→ Saved entries:
________

(* Every Abel sequentially compact subset of $\mathbb{R}$ is ward compact.
   Context: A sequence $(p_n)_{n\ge0}$ is Abel convergent to $\ell$ if $\sum_{k=0}^{\infty}p_k x^k$ converges for every $0\le x<1$ and $\lim_{x\to 1^-}(1-x)\sum_{k=0}^{\infty}p_k x^k=\ell$. A subset $F\subseteq\mathbb{R}$ is Abel sequentially compact if every sequence of points of $F$ has a subsequence Abel convergent to a limit belonging to $F$. A sequence $(p_n)$ is quasi-Cauchy if $\lim_{n\to\infty}(p_{n+1}-p_n)=0$. A subset $E\subseteq\mathbb{R}$ is ward compact if every sequence of points of $E$ has a quasi-Cauchy subsequence. *)

From Stdlib Require Import Reals.
From Coquelicot Require Import Coquelicot.
Open Scope R_scope.

Definition abel_convergent (p : nat -> R) (l : R) : Prop :=
  (forall x : R, 0 <= x < 1 -> ex_series (fun k => p k * x ^ k)) /\
  filterlim (fun x => (1 - x) * Series (fun k => p k * x ^ k))
            (at_left 1) (locally l).

Definition subseq_index (phi : nat -> nat) : Prop :=
  forall n : nat, (phi n < phi (S n))%nat.

Definition abel_seq_compact (F : R -> Prop) : Prop :=
  forall p : nat -> R, (forall n, F (p n)) ->
    exists phi : nat -> nat, subseq_index phi /\
      exists l : R, F l /\ abel_convergent (fun n => p (phi n)) l.

Definition quasi_cauchy (p : nat -> R) : Prop :=
  is_lim_seq (fun n => p (S n) - p n) 0.

Definition ward_compact (E : R -> Prop) : Prop :=
  forall p : nat -> R, (forall n, E (p n)) ->
    exists phi : nat -> nat, subseq_index phi /\ quasi_cauchy (fun n => p (phi n)).

(** An Abel sequentially compact set is bounded: a sequence escaping faster
    than [2^n] has no subsequence whose power series converges at [x = 1/2].
    By Bolzano-Weierstrass every sequence in the set then has a convergent
    subsequence, and convergent sequences are quasi-Cauchy. *)

From Stdlib Require Import Reals.
From Coquelicot Require Import Coquelicot.
From Stdlib Require Import Lra Lia Classical ClassicalEpsilon.
Open Scope R_scope.

Lemma subseq_index_ge (phi : nat -> nat) :
  subseq_index phi -> forall n, (n <= phi n)%nat.
Proof. intros Hphi n; induction n; [lia|]. specialize (Hphi n); lia. Qed.

Lemma subseq_index_of_frequently (P : nat -> nat -> Prop) :
  (forall N k, exists m, (N <= m)%nat /\ P k m) ->
  exists phi, subseq_index phi /\ forall n, P n (phi n).
Proof.
  intros HP.
  destruct (choice (fun Nk m => (fst Nk <= m)%nat /\ P (snd Nk) m)
                   (fun Nk => HP (fst Nk) (snd Nk))) as [g Hg].
  set (phi := fix phi n :=
         match n with O => g (O, O) | S n => g (S (phi n), S n) end).
  exists phi; split.
  - intros n. exact (proj1 (Hg (S (phi n), S n))).
  - intros [|n]; [exact (proj2 (Hg (O, O))) | exact (proj2 (Hg (S (phi n), S n)))].
Qed.

Lemma is_lim_seq_geom_half_bound (u : nat -> R) (l : R) :
  (forall n, Rabs (u n - l) < (/ 2) ^ n) -> is_lim_seq u l.
Proof.
  intros Hu.
  assert (Hgeom : is_lim_seq (fun n => (/ 2) ^ n) 0)
    by (apply is_lim_seq_geom; rewrite Rabs_pos_eq; lra).
  apply is_lim_seq_le_le with (u := fun n => l - (/ 2) ^ n)
                              (w := fun n => l + (/ 2) ^ n).
  - intros n. specialize (Hu n). apply Rabs_def2 in Hu. lra.
  - replace (Finite l) with (Finite (l - 0)) by (f_equal; ring).
    exact (is_lim_seq_minus' _ _ _ _ (is_lim_seq_const l) Hgeom).
  - replace (Finite l) with (Finite (l + 0)) by (f_equal; ring).
    exact (is_lim_seq_plus' _ _ _ _ (is_lim_seq_const l) Hgeom).
Qed.

Lemma cluster_point_subseq (u : nat -> R) (l : R) :
  ValAdh u l ->
  exists phi, subseq_index phi /\ is_lim_seq (fun n => u (phi n)) l.
Proof.
  intros Hl.
  assert (Hfreq : forall N k, exists m, (N <= m)%nat /\ Rabs (u m - l) < (/ 2) ^ k).
  { intros N k.
    assert (Hpos : 0 < (/ 2) ^ k) by (apply pow_lt; lra).
    apply (Hl (fun y => Rabs (y - l) < (/ 2) ^ k) N).
    exists (mkposreal _ Hpos). intros y Hy. exact Hy. }
  destruct (subseq_index_of_frequently _ Hfreq) as [phi [Hphi Hclose]].
  exists phi. split; [exact Hphi|].
  now apply is_lim_seq_geom_half_bound.
Qed.

Lemma is_lim_seq_quasi_cauchy (u : nat -> R) (l : R) :
  is_lim_seq u l -> quasi_cauchy u.
Proof.
  intros Hu. unfold quasi_cauchy.
  replace (Finite 0) with (Finite (l - l)) by (f_equal; ring).
  exact (is_lim_seq_minus' _ _ _ _ (proj1 (is_lim_seq_incr_1 u l) Hu) Hu).
Qed.

Lemma abel_convergent_eventually_lt_pow2 (q : nat -> R) (l : R) :
  abel_convergent q l -> exists N, forall n, (N <= n)%nat -> Rabs (q n) < 2 ^ n.
Proof.
  intros [Hser _].
  assert (Hterms := ex_series_lim_0 _ (Hser (/ 2) ltac:(lra))).
  apply is_lim_seq_spec in Hterms.
  destruct (Hterms (mkposreal 1 Rlt_0_1)) as [N HN].
  exists N. intros n Hn. specialize (HN n Hn). simpl in HN.
  rewrite Rminus_0_r, Rabs_mult, <- RPow_abs, (Rabs_pos_eq (/ 2)) in HN by lra.
  assert (Hinv : (/ 2) ^ n = / 2 ^ n) by apply pow_inv.
  assert (Hpos : 0 < 2 ^ n) by (apply pow_lt; lra).
  rewrite Hinv in HN.
  apply (Rmult_lt_compat_r (2 ^ n)) in HN; [|exact Hpos].
  rewrite Rmult_assoc, Rinv_l, Rmult_1_r, Rmult_1_l in HN by lra.
  exact HN.
Qed.

Lemma abel_seq_compact_bounded (F : R -> Prop) :
  abel_seq_compact F -> exists M, forall y, F y -> Rabs y <= M.
Proof.
  intros HF. apply NNPP; intros Hunbdd.
  assert (Hescape : forall n : nat, exists y, F y /\ 2 ^ n < Rabs y).
  { intros n. apply NNPP; intros Hc. apply Hunbdd. exists (2 ^ n). intros y Fy.
    apply Rnot_lt_le. intros Hlt. apply Hc. now exists y. }
  destruct (choice _ Hescape) as [p Hp].
  destruct (HF p (fun n => proj1 (Hp n))) as [phi [Hphi [l [_ Habel]]]].
  destruct (abel_convergent_eventually_lt_pow2 _ _ Habel) as [N HN].
  assert (Hmono : 2 ^ N <= 2 ^ phi N)
    by (apply Rle_pow; [lra | apply subseq_index_ge; exact Hphi]).
  pose proof (HN N (le_n N)). pose proof (proj2 (Hp (phi N))). simpl in *.
  lra.
Qed.

Theorem corollary19 (F : R -> Prop) :
  abel_seq_compact F -> ward_compact F.
Proof.
  intros HF p Hp.
  destruct (abel_seq_compact_bounded F HF) as [M HM].
  assert (Hbox : forall n, (fun y => - M <= y <= M) (p n))
    by (intros n; apply Rabs_le_between, HM, Hp).
  destruct (Bolzano_Weierstrass p _ (compact_P3 (- M) M) Hbox) as [l Hl].
  destruct (cluster_point_subseq p l Hl) as [phi [Hphi Hlim]].
  exists phi. split; [exact Hphi|].
  exact (is_lim_seq_quasi_cauchy _ _ Hlim).
Qed.
Inductive bc_init : bcF * bcO -> Prop :=
| i_start : bc_init (FP pstart, OB true)
| i_place p : p <> pstart -> bc_init (FP p, OB false)
| i_var v : bc_init (FV v, ONull)
| i_trans : bc_init (FT, OB true).

Definition bc (dnf : T -> seq (seq dnf_lit)) : BCdesc :=
  @mkBC bcF bcO T bcdom (fun _ => False) (bc_dyn dnf) bc_init.

End DAW.

(* An answer set is a minimal model of its reduct, so every literal in it is
   supported by a rule.  At time 0 the only rules deriving fluent atoms are the
   "initially" facts and the choice rules; as bc(W) gives every fluent exactly
   one initial value, the uniqueness constraints force the answer set of P_0 to
   be the one generated by these facts.  At time l+1 the fluent trans must take
   a value, and with no static laws that value must be caused by a dynamic law;
   the only one with head trans is "trans = true after t", so some transition t
   occurs at time l, and the laws "false after t, s" exclude a second one. *)
From Stdlib Require Import List Classical FunctionalExtensionality PropExtensionality.
From mathcomp Require Import all_boot.

Set Implicit Arguments.
Unset Strict Implicit.
Unset Printing Implicit Defensive.

Section AnswerSets.
Variables F O A : Type.
Variable P : program F O A.
Implicit Types X Y : litset F O A.

Lemma closed_reduct_head X Y r L :
  closed_reduct P X Y -> P r -> rhead r = [:: L] ->
  (forall L', In L' (rpos r) -> Y L') -> (forall L', In L' (rneg r) -> ~ X L') ->
  Y L.
Proof.
move=> cl Pr hr pos neg; have [L' []] := cl r Pr neg pos.
by rewrite hr => -[<-|[]].
Qed.

Lemma closed_reduct_constraint X Y r :
  closed_reduct P X Y -> P r -> rhead r = [::] ->
  (forall L', In L' (rpos r) -> Y L') -> (forall L', In L' (rneg r) -> ~ X L') ->
  False.
Proof. by move=> cl Pr hr pos neg; have [L' []] := cl r Pr neg pos; rewrite hr. Qed.

Lemma stable_supported X L : stable P X -> X L ->
  exists r, [/\ P r, In L (rhead r), forall L', In L' (rneg r) -> ~ X L' &
                forall L', In L' (rpos r) -> X L'].
Proof.
move=> [_ clX minX] XL; apply: NNPP => unsupported.
suff [] : X L /\ L <> L by [].
apply: (minX (fun L' => X L' /\ L' <> L)) => // [L' [] //|r Pr neg pos].
have [L' [inL' XL']] := clX r Pr neg (fun L' inL' => (pos L' inL').1).
exists L'; split=> //; split=> // eL'; apply: unsupported.
by exists r; split=> //; [rewrite -eL' | move=> L'' /pos[]].
Qed.

End AnswerSets.

Section BCPrograms.
Variable B : BCdesc.
Local Notation F := (bF B).
Local Notation O := (bO B).
Local Notation A := (bA B).
Implicit Types X : litset F O A.

Lemma in_head_lits i j f o h :
  In (LPos (TF A j f o)) (head_lits i h) -> i = j /\ h = Some (f, o).
Proof. by case: h => [[f' o']|] //= [[-> -> ->]|]. Qed.

Lemma stable_value_exists l X i f : stable (Prog l) X -> i <= l ->
  exists2 o, In o (bdom f) & X (LPos (TF A i f o)).
Proof.
move=> [_ clX _] le_il; apply: NNPP => none.
apply: (closed_reduct_constraint clX (P_exists f le_il)) => //= L.
by case/in_map_iff=> o [<- dom_o] Xo; apply: none; exists o.
Qed.

Lemma stable_value_unique l X i f v w : stable (Prog l) X -> i <= l ->
  In v (bdom f) -> In w (bdom f) ->
  X (LPos (TF A i f v)) -> X (LPos (TF A i f w)) -> v = w.
Proof.
move=> [consX clX _] le_il dom_v dom_w Xv Xw; apply: NNPP => ne_vw.
apply: (consX (TF A i f v)); split=> //.
by apply: (closed_reduct_head clX (P_unique le_il dom_v dom_w ne_vw)) => // L [<-|[]].
Qed.

Lemma stable_action_unique l X i a b : stable (Prog l) X -> i < l ->
  (forall a b, a <> b -> bdyn (mkDyn None [:: BA F O a; BA F O b] [::])) ->
  X (LPos (TA F O i a)) -> X (LPos (TA F O i b)) -> a = b.
Proof.
move=> [_ clX _] lt_il excl Xa Xb; apply: NNPP => ne_ab.
apply: (closed_reduct_constraint clX (P_dynamic lt_il (excl a b ne_ab))) => //=.
by move=> L [<-|[<-|[]]].
Qed.

Hypothesis no_static : forall s : stat_law F O, ~ bstat s.

Lemma stable_value_caused l X i f o : stable (Prog l) X ->
  X (LPos (TF A i.+1 f o)) ->
  exists d, [/\ bdyn d, dhead d = Some (f, o) &
                forall b, In b (dafter d) -> X (batom_lit i b)].
Proof.
move=> stX /(stable_supported stX)[r [Pr]].
case: r / Pr => [j s _ /no_static[] | j d _ dyn_d | f' o' _ | f' o' _ | j a _
                | j f' _ | j f' v w _ _ _ _] /=.
- case/in_head_lits=> [[->] hd] _ pos; exists d; split=> // b b_d.
  by apply: pos; apply: in_map.
all: by move=> head; exfalso; intuition discriminate.
Qed.

Hypothesis init_functional :
  forall (f : F) (o o' : O), binit (f, o) -> binit (f, o') -> o = o'.
Hypothesis init_total : forall f : F, exists2 o : O, binit (f, o) & In o (bdom f).

Lemma stable_init_value l X f o : stable (Prog l) X ->
  X (LPos (TF A 0 f o)) <-> binit (f, o).
Proof.
move=> stX; have [_ clX _] := stX.
have init_in_X o' : binit (f, o') -> X (LPos (TF A 0 f o')).
  by move=> init_o'; apply: (closed_reduct_head clX (P_init l init_o')).
split=> [Xo|]; last exact: init_in_X.
have [r [Pr]] := stable_supported stX Xo.
case: r / Pr => [j s _ /no_static[] | j d _ _ | f' o' init' | f' o' dom' | j a _
                | j f' _ | j f' v w _ _ _ _] /=.
- by case/in_head_lits.
- by case=> [[<- <-]|[]].
- case=> [[ef eo]|[//|[]]] _ _; subst f' o'.
  have [o0 init_o0 dom_o0] := init_total f.
  by rewrite (stable_value_unique stX _ dom' dom_o0 Xo (init_in_X _ init_o0)).
all: by move=> head; exfalso; intuition discriminate.
Qed.

Definition init_model : litset F O A := fun L =>
  match L with
  | LPos (TF i f o) => i = 0 /\ binit (f, o)
  | LNeg (TF i f o) => [/\ i = 0, In o (bdom f) & ~ binit (f, o)]
  | _ => False
  end.

Lemma init_model_stable : stable (Prog 0) init_model.
Proof.
split.
- by case=> [i f o|i a] [] //= [_ ?] [].
- move=> r Pr; case: r / Pr => [j s _ /no_static[] | j d // | f o init_fo | f o dom_o
                               | j a // | j f | j f v w] /=.
  + by exists (LPos (TF A 0 f o)); split; [left|].
  + move=> _ _; have [init_fo|not_init_fo] := classic (binit (f, o)).
      by exists (LPos (TF A 0 f o)); split; [left|].
    by exists (LNeg (TF A 0 f o)); split; [right; left|].
  + rewrite leqn0 => /eqP -> none _; exfalso.
    have [o init_o dom_o] := init_total f.
    by apply: (none (LPos (TF A 0 f o))) => //; apply/in_map_iff; exists o.
  + move=> _ dom_v _ ne_vw _ /(_ _ (or_introl erefl)) [-> init_w].
    exists (LNeg (TF A 0 f v)); split; first by left.
    by split=> // init_v; apply: ne_vw; apply: init_functional init_v init_w.
- move=> Y _ clY [[i f o|i a] |[i f o|i a]] //=.
  + case=> -> init_fo; exact: (closed_reduct_head clY (P_init 0 init_fo)).
  + case=> -> dom_o not_init_o.
    have [o' init_o' dom_o'] := init_total f.
    have ne_oo' : o <> o' by move=> eo; apply: not_init_o; rewrite eo.
    have Yo' : Y (LPos (TF A 0 f o')).
      by apply: (closed_reduct_head clY (P_init 0 init_o')).
    apply: (closed_reduct_head clY (P_unique (leqnn 0) dom_o dom_o' ne_oo')) => //.
    by move=> L [<-|[]].
Qed.

Lemma sigma0_stable l X : stable (Prog l) X ->
  sigma 0 X = fun (f : F) (o : O) => binit (f, o).
Proof.
move=> stX; apply: functional_extensionality => f.
apply: functional_extensionality => o.
exact/propositional_extensionality/(stable_init_value _ _ stX).
Qed.

Lemma TS_S0_init (s : state B) : TS_S0 s <-> s = fun (f : F) (o : O) => binit (f, o).
Proof.
split=> [[X [stX ->]]|->]; first exact: sigma0_stable stX.
exists init_model; rewrite (sigma0_stable init_model_stable).
by split=> //; apply: init_model_stable.
Qed.

End BCPrograms.

Section Encoding.
Variable W : DAWnet.
Variable dnf : Trans W -> seq (seq (dnf_lit W)).

Lemma bc_init_functional (f : bcF W) o o' : bc_init (f, o) -> bc_init (f, o') -> o = o'.
Proof. by move=> init_o init_o'; inversion init_o; inversion init_o'; subst; congruence. Qed.

Lemma bc_init_total f : exists2 o, @bc_init W (f, o) & In o (bcdom f).
Proof.
case: f => [v|p|]; last by exists (OB W true); [constructor | left].
  by exists (ONull W); [constructor | left].
have [->|ne_p] := p =P start W; first by exists (OB W true); [constructor | left].
by exists (OB W false); [constructor | right; left].
Qed.

Lemma bc_trans_caused_by_action d o :
  bc_dyn dnf d -> dhead d = Some (FT W, o) -> exists t, In (BA _ _ t) (dafter d).
Proof. by case=> //= t _; exists t; left. Qed.

Lemma bc_stable_action_exists l X : stable (@Prog (bc dnf) l.+1) X ->
  exists t, X (LPos (TA _ _ l t)).
Proof.
move=> stX; have [o _ Xo] := stable_value_exists (B := bc dnf) (FT W) stX (leqnn _).
have [d [dyn_d hd pos]] := stable_value_caused (B := bc dnf) (fun _ => id) stX Xo.
have [t t_d] := bc_trans_caused_by_action dyn_d hd.
by exists t; apply: pos t_d.
Qed.

End Encoding.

________

→ Prompt: Output the lines of the records above exactly as they appear, from the line containing "by apply: (none" through the line containing "- move=> Y _".

→ Response area:
    by apply: (none (LPos (TF A 0 f o))) => //; apply/in_map_iff; exists o.
  + move=> _ dom_v _ ne_vw _ /(_ _ (or_introl erefl)) [-> init_w].
    exists (LNeg (TF A 0 f v)); split; first by left.
    by split=> // init_v; apply: ne_vw; apply: init_functional init_v init_w.
- move=> Y _ clY [[i f o|i a] |[i f o|i a]] //=.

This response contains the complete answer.